New research indicated that prophylactic plasma transfusions might have an effect for people that suffer from a blood clotting disorder and receive an invasive procedure. Therefore, Huber et al. conducted a Cochrane review with randomised controlled trials in 20019 to figure out whether prophylactic plasma transfusions are effective and safe for adult people that suffer from a blood clotting disorder and receive a planned invasive non-cardiac procedure. The measured results from this review count for people that already suffer from a moderate bleeding disorder without a bleeding event in the past and without a treatment for the blood clotting disorder. The included patients also suffered from different chronic diseases or haematological malignancies. The exact inclusion and exclusion criteria and information regarding the dose can be found in the original Cochrane review. Huber et al. conducted three different analyses. They compared prophylactic plasma transfusions to no prophylactic plasma transfusions in the first analysis: The effect is very uncertain about the effect of prophylactic plasma transfusions on the following outcomes: all-cause mortality up to 30 days, major bleeding within 24 hours, number of transfusions per participants within one week, number of individuals requiring a transfusion within one week and serious adverse events measured by plasma-related complications within 24 hours. The second analysis compared prophylactic plasma transfusions with alternative agents that stop bleeding: Prophylactic plasma transfusions may have little to no effect on the major bleeding within 24 hours and the serious adverse events measured by plasma transfusion-related complications in the first 24 hours, but the evidence is very uncertain. In the last analysis, participants received a transfusion if a defined threshold was met prior surgery compared to the standard of care which was a plasma transfusion dependent on laboratory parameters: Different triggers for fresh frozen plasma may have little to no effect on major bleeding within 24 hours and serious adverse events measured by plasma transfusion-related complications within 24 hours. Furthermore, different triggers for fresh frozen plasma may reduce the number of individuals requiring a transfusion within 7 days.
Risks
The risks of FFP include disease transmission, anaphylactoid reactions, and excessive intravascular volume, as well as transfusion related acute lung injury. Risks of transfusion transmitted infections are similar to that of whole blood and red blood cells.Chemistry
FFP is made by centrifugation of whole blood or apheresis device followed by freezing and preservation.Frequency of use
The use of plasma and its products has evolved over a period of four decades. The use of FFP has increased tenfold in the United States from between the years 2000-2010 and has reached almost 2 million units annually. This trend may be attributable to multiple factors, possibly including decreased availability of whole blood due to widespread acceptance of the concept of component therapy.Alternatives
Evidence indicates that other plasma components that do not meet the criteria of FFP may have adequate levels of coagulation factors and are suitable for patients in whom FFP is indicated. Single-donor plasma is efficacious in the treatment of mild deficiencies of stable clotting factors. It also is of value in treatment of multiple deficiencies as in reversal of warfarin effects or in liver disease.Safe and effective alternative treatment often exists so that FFP is no longer the therapy of choice in many conditions. Cryoprecipitate or fibrinogen concentrates should be used when fibrinogen is needed. For treatment of hemophilia A, recombinant factor VIII concentrates are available. For treatment of severe hemophilia B, recombinant factor IX concentrates are available.

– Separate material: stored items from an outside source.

(* Suppose the channels Phi_{t_i}, i in I, had a joint channel Psi, and let e_i
   be mutually unbiased bases.  Measuring the output of Psi in the product basis
   with vectors e_{1,a_1} (x) ... (x) e_{n,a_n} and pulling back through Psi gives
   positive operators S_a whose marginals over a_i = b are t_i P_{i,b} + I/d, with
   P_{i,b} = |e_{i,b}><e_{i,b}| - I/d.  The P's are traceless and, by unbiasedness,
   Hilbert-Schmidt orthogonal across bases, so Z_a = sum_i t_i P_{i,a_i} has
   tr(Z_a^2) = (1 - 1/d) sum_i t_i^2, and positivity of S_a gives
   2 tr(S_a Z_a) <= tr(S_a) (1 - 1/d) (1 + sum_i t_i^2).  Summing over a, the
   marginal conditions turn this into 2 (d - 1) sum_i t_i^2 <= (d - 1) (1 + sum_i t_i^2),
   i.e. sum_i t_i^2 <= 1. *)

From HB Require Import structures.
From mathcomp Require Import all_boot all_order all_algebra.
From mathcomp Require Import complex reals.
From mathcomp Require Import ring.
From Stdlib Require Import FunctionalExtensionality.
Import Order.TTheory GRing.Theory Num.Theory.
Local Open Scope ring_scope.
Set Implicit Arguments.
Unset Strict Implicit.
Unset Printing Implicit Defensive.

Lemma big_delta_l (R : pzSemiRingType) (T : finType) (j : T) (F : T -> R) :
  \sum_a (a == j)%:R * F a = F j.
Proof.
rewrite (bigD1 j) //= eqxx mul1r big1 ?addr0 // => a /negbTE ->.
by rewrite mul0r.
Qed.

Lemma big_delta_r (R : pzSemiRingType) (T : finType) (j : T) (F : T -> R) :
  \sum_a F a * (a == j)%:R = F j.
Proof.
rewrite (bigD1 j) //= eqxx mulr1 big1 ?addr0 // => a /negbTE ->.
by rewrite mulr0.
Qed.

Lemma big_delta2 (R : comPzSemiRingType) (T : finType) (j k : T) (x y : R)
    (F : T -> R) :
  \sum_b F b * ((b == j)%:R * x + (b == k)%:R * y) = F j * x + F k * y.
Proof.
under eq_bigr => b _ do rewrite mulrDr !(mulrCA (F b)).
by rewrite big_split /= !big_delta_l.
Qed.

Lemma conj_eq_of_real_sums (C : numClosedFieldType) (b c : C) :
  b + c \is Num.real -> 'i * (b - c) \is Num.real -> c = b^*.
Proof.
move=> /conj_Creal h1 /conj_Creal; rewrite rmorphM rmorphB /= conjCi mulNr.
move=> /(canRL (@opprK _)); rewrite -mulrN => /(mulfI (neq0Ci C)) h2.
rewrite rmorphD /= in h1.
have : 2 * c^* = 2 * b :> C.
  by transitivity ((b^* + c^*) - (b^* - c^*)); [ring | rewrite h1 h2; ring].
have two_neq0 : 2 != 0 :> C by rewrite pnatr_eq0.
by move/(mulfI two_neq0) => <-; rewrite conjCK.
Qed.

Section Psd.
Variable R : realType.
Local Notation C := R[i].

Lemma op_ext (T : finType) (X Y : op R T) : (forall x y, X x y = Y x y) -> X = Y.
Proof. by move=> XY; do 2 apply: functional_extensionality => ?; apply: XY. Qed.

Definition expect (T : finType) (Y : op R T) (v : T -> C) : C :=
  \sum_z \sum_w (v z)^* * Y z w * v w.

Definition hermitian (T : finType) (X : op R T) : Prop :=
  forall j k, X k j = (X j k)^*.

Definition rank1 (T : finType) (u v : T -> C) : op R T := fun j k => u j * (v k)^*.

Lemma psd_rank1 (T : finType) (w : T -> C) : psd (rank1 w w).
Proof.
move=> v; change (0 <= expect (rank1 w w) v).
have -> : expect (rank1 w w) v =
    (\sum_z (v z)^* * w z) * (\sum_z (v z)^* * w z)^*.
  rewrite rmorph_sum big_distrlr /=; apply: eq_bigr => z _; apply: eq_bigr => y _.
  by rewrite /rank1 rmorphM /= conjCK; ring.
exact: mul_conjC_ge0.
Qed.

Variables (T : finType) (X : op R T).
Hypothesis psdX : psd X.

Lemma psd_form2 j k (x y : C) :
  0 <= x^* * X j j * x + x^* * X j k * y + y^* * X k j * x + y^* * X k k * y.
Proof.
pose v a := (a == j)%:R * x + (a == k)%:R * y.
have vE a : (v a)^* = (a == j)%:R * x^* + (a == k)%:R * y^*.
  by rewrite rmorphD !rmorphM /= !rmorph_nat.
have row a : \sum_b (v a)^* * X a b * v b
    = (X a j * x + X a k * y) * ((a == j)%:R * x^* + (a == k)%:R * y^*).
  by rewrite big_delta2 vE; ring.
have := psdX v; rewrite (eq_bigr _ (fun a _ => row a)).
by rewrite big_delta2; congr (_ <= _); ring.
Qed.

Lemma psd_diag_ge0 j : 0 <= X j j.
Proof.
by have := psd_form2 j j 1 0; rewrite rmorph1 rmorph0 !(mulr0, mul0r, addr0, mulr1, mul1r).
Qed.

Lemma psd_diag_real j : (X j j)^* = X j j.
Proof. exact/conj_Creal/ger0_real/psd_diag_ge0. Qed.

Lemma psd_hermitian : hermitian X.
Proof.
move=> j k.
have realF x y := ger0_real (psd_form2 j k x y).
have realD l : X l l \is Num.real := ger0_real (psd_diag_ge0 l).
apply: conj_eq_of_real_sums.
- have -> : X j k + X k j = (1^* * X j j * 1 + 1^* * X j k * 1 + 1^* * X k j * 1
      + 1^* * X k k * 1) - X j j - X k k by rewrite conjC1; ring.
  by rewrite !rpredB ?realF ?realD.
- have -> : 'i * (X j k - X k j) = (1^* * X j j * 1 + 1^* * X j k * 'i
      + 'i^* * X k j * 1 + 'i^* * X k k * 'i) - X j j - X k k.
    have iqi : - 'i * X k k * 'i = X k k.
      by rewrite !mulNr mulrAC -expr2 sqrCi mulN1r opprK.
    by rewrite conjC1 conjCi iqi; ring.
  by rewrite !rpredB ?realF ?realD.
Qed.

Lemma psd_entry_le j k : `|X j k| ^+ 2 <= X j j * X k k.
Proof.
rewrite normCK -subr_ge0.
move: (psd_diag_ge0 j) (psd_diag_ge0 k) (psd_diag_real j) (psd_diag_real k).
move: (psd_form2 j k) (psd_form2 k j); rewrite (psd_hermitian j k).
move: (X j j) (X k k) (X j k) => p q b Fjk Fkj p_ge0 q_ge0 pE qE.
have q_det : 0 <= q * (p * q - b * b^*).
  by move: (Fjk q (- b^*)); rewrite qE rmorphN /= conjCK; congr (_ <= _); ring.
have p_det : 0 <= p * (p * q - b * b^*).
  by move: (Fkj p (- b)); rewrite pE rmorphN; congr (_ <= _); ring.
have [pq0|pq_gt0] := eqVneq (p + q) 0.
  have p0 : p = 0 by apply/le_anti; rewrite p_ge0 andbT -pq0 lerDl.
  have q0 : q = 0 by move: pq0; rewrite p0 add0r.
  move: (Fjk 1 (- b^*)); rewrite p0 q0 rmorph1 rmorphN /= conjCK.
  have -> : 1 * 0 * 1 + 1 * b * - b^* + - b * b^* * 1 + - b * 0 * - b^* = - (b * b^*) *+ 2.
    by rewrite mulr2n; ring.
  by rewrite pmulrn_lge0 // mul0r sub0r.
have : 0 <= (p + q) * (p * q - b * b^*) by rewrite mulrDl addr_ge0.
by rewrite pmulr_rge0 // lt_def pq_gt0 addr_ge0.
Qed.

Lemma psd_trace_ge0 : 0 <= trace X.
Proof. by apply: sumr_ge0 => j _; apply: psd_diag_ge0. Qed.

Lemma psd_trace_eq0 : trace X = 0 -> forall j k, X j k = 0.
Proof.
move=> trX0 j k; apply/eqP; rewrite -normr_eq0 -sqrf_eq0 eq_le exprn_ge0 // andbT.
have diag0 l : X l l = 0 by apply: (psumr_eq0P (fun l _ => psd_diag_ge0 l) trX0).
by apply: le_trans (psd_entry_le j k) _; rewrite !diag0 mul0r.
Qed.

End Psd.

Section HilbertSchmidt.
Variables (R : realType) (d : nat).
Local Notation C := R[i].
Local Notation mx := (op R 'I_d).

Definition trace_mul (X Y : mx) : C := \sum_j \sum_k X j k * Y k j.

Definition id_op : mx := fun j k => (j == k)%:R.

Lemma trace_mulC (X Y : mx) : trace_mul X Y = trace_mul Y X.
Proof.
rewrite /trace_mul exchange_big; apply: eq_bigr => j _.
by apply: eq_bigr => k _; rewrite mulrC.
Qed.

Lemma traceDl (a : C) (X Y : mx) :
  trace (fun j k => a * X j k + Y j k) = a * trace X + trace Y.
Proof. by rewrite /trace big_split /= mulr_sumr. Qed.

Lemma trace_mulDl (a : C) (X Y Z : mx) :
  trace_mul (fun j k => a * X j k + Y j k) Z = a * trace_mul X Z + trace_mul Y Z.
Proof.
rewrite /trace_mul mulr_sumr -big_split; apply: eq_bigr => j _ /=.
by rewrite mulr_sumr -big_split; apply: eq_bigr => k _ /=; rewrite mulrDl mulrA.
Qed.

Lemma trace_sum (J : finType) (P : pred J) (X : J -> mx) :
  trace (fun j k => \sum_(a | P a) X a j k) = \sum_(a | P a) trace (X a).
Proof. exact: exchange_big. Qed.

Lemma trace_mul_suml (J : finType) (P : pred J) (X : J -> mx) (Y : mx) :
  trace_mul (fun j k => \sum_(a | P a) X a j k) Y = \sum_(a | P a) trace_mul (X a) Y.
Proof.
rewrite /trace_mul.
under eq_bigr => j _ do under eq_bigr => k _ do rewrite mulr_suml.
under eq_bigr => j _ do rewrite exchange_big.
by rewrite exchange_big.
Qed.

Lemma traceZ (c : C) (X : mx) : trace (fun j k => c * X j k) = c * trace X.
Proof. by rewrite /trace mulr_sumr. Qed.

Lemma trace_mulZl (c : C) (X Y : mx) :
  trace_mul (fun j k => c * X j k) Y = c * trace_mul X Y.
Proof.
rewrite /trace_mul mulr_sumr; apply: eq_bigr => j _.
by rewrite mulr_sumr; apply: eq_bigr => k _; rewrite mulrA.
Qed.

Lemma trace_mul_idl (X : mx) : trace_mul id_op X = trace X.
Proof.
rewrite /trace_mul /id_op; apply: eq_bigr => j _.
by under eq_bigr do rewrite eq_sym; rewrite big_delta_l.
Qed.

Lemma trace_id : trace id_op = d%:R.
Proof.
by rewrite /trace /id_op; under eq_bigr do rewrite eqxx; rewrite sumr_const card_ord.
Qed.

Lemma trace_mul_hermitian (X : mx) : hermitian X ->
  trace_mul X X = \sum_j \sum_k `|X j k| ^+ 2.
Proof.
by move=> hX; apply: eq_bigr => j _; apply: eq_bigr => k _; rewrite (hX j k) normCK.
Qed.

Lemma psd_trace_mul_le (X : mx) : psd X -> trace_mul X X <= trace X ^+ 2.
Proof.
move=> psdX; rewrite trace_mul_hermitian; last exact: psd_hermitian.
rewrite expr2 big_distrlr /=; apply: ler_sum => j _; apply: ler_sum => k _.
exact: psd_entry_le.
Qed.

Lemma psd_trace_mul_traceless_le (S Z : mx) : (0 < d)%N ->
  psd S -> hermitian Z -> trace Z = 0 ->
  2 * trace_mul S Z <= trace S * ((1 - d%:R^-1) + trace_mul Z Z).
Proof.
(* Expand 0 <= tr(W^2) for the hermitian W = (S - tau I/d) - tau Z, tau = tr S,
   and use tr(S^2) <= tau^2. *)
move=> d_gt0 psdS hZ trZ0; set tau := trace S.
have tau_ge0 : 0 <= tau := psd_trace_ge0 psdS.
have [tau0|tau_neq0] := eqVneq tau 0.
  have S0 := psd_trace_eq0 psdS tau0.
  rewrite tau0 mul0r /trace_mul big1 ?mulr0 // => j _.
  by rewrite big1 // => k _; rewrite S0 mul0r.
have tau_gt0 : 0 < tau by rewrite lt_def tau_neq0.
have tau_real : tau^* = tau := conj_Creal (ger0_real tau_ge0).
pose A : mx := fun j k => - (tau / d%:R) * id_op j k + S j k.
pose W : mx := fun j k => - tau * Z j k + A j k.
have trA0 : trace A = 0.
  by rewrite traceDl trace_id -/tau mulNr divfK ?addNr // pnatr_eq0 -lt0n.
have AZ : trace_mul A Z = trace_mul S Z by rewrite trace_mulDl trace_mul_idl trZ0 mulr0 add0r.
have AA : trace_mul A A = trace_mul S S - tau ^+ 2 / d%:R.
  rewrite trace_mulDl trace_mul_idl trA0 mulr0 add0r trace_mulC trace_mulDl trace_mul_idl.
  by rewrite -/tau; ring.
have hW : hermitian W.
  move=> j k; rewrite /W /A !(rmorphD, rmorphN, rmorphM, fmorphV) /=.
  by rewrite tau_real conjC_nat (hZ j k) (psd_hermitian psdS j k) /id_op eq_sym conjC_nat.
have WZ : trace_mul W Z = - tau * trace_mul Z Z + trace_mul S Z.
  by rewrite trace_mulDl AZ.
have WA : trace_mul W A = - tau * trace_mul S Z + trace_mul A A.
  by rewrite trace_mulDl (trace_mulC Z) AZ.
have WW : trace_mul W W = tau * (tau * trace_mul Z Z - 2 * trace_mul S Z) + trace_mul A A.
  by rewrite {1}/W trace_mulDl (trace_mulC Z) (trace_mulC A) WZ WA; ring.
have : 0 <= trace_mul W W.
  rewrite trace_mul_hermitian //; apply: sumr_ge0 => j _.
  by apply: sumr_ge0 => k _; rewrite exprn_ge0.
rewrite WW AA => /le_trans /(_ (lerD (lexx _) (lerB (psd_trace_mul_le psdS) (lexx _)))).
move=> h; rewrite -subr_ge0 -(pmulr_rge0 _ tau_gt0); move: h.
by congr (_ <= _); rewrite -/tau; ring.
Qed.

End HilbertSchmidt.

Arguments id_op {R d}.

Section Projectors.
Variables (R : realType) (d : nat).
Hypothesis d_gt0 : (0 < d)%N.
Local Notation C := R[i].
Local Notation mx := (op R 'I_d).

Definition traceless_proj (w : 'I_d -> C) : mx :=
  fun j k => - d%:R^-1 * id_op j k + rank1 w w j k.

Lemma conj_inner (u v : 'I_d -> C) : (inner u v)^* = inner v u.
Proof.
rewrite rmorph_sum; apply: eq_bigr => k _.
by rewrite rmorphM /= conjCK mulrC.
Qed.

Crystalloid or colloid solutions such as human serum albumin or plasma protein fraction, are preferable to FFP for volume replacement.
For nutritional support, amino acid solutions and dextrose are available.The most important alternative to the use of FFP is a comprehensive program of blood conservation. This includes measures such as intraoperative cell salvage and the realization that in many patients normovolemic anemia is not an indication for transfusion.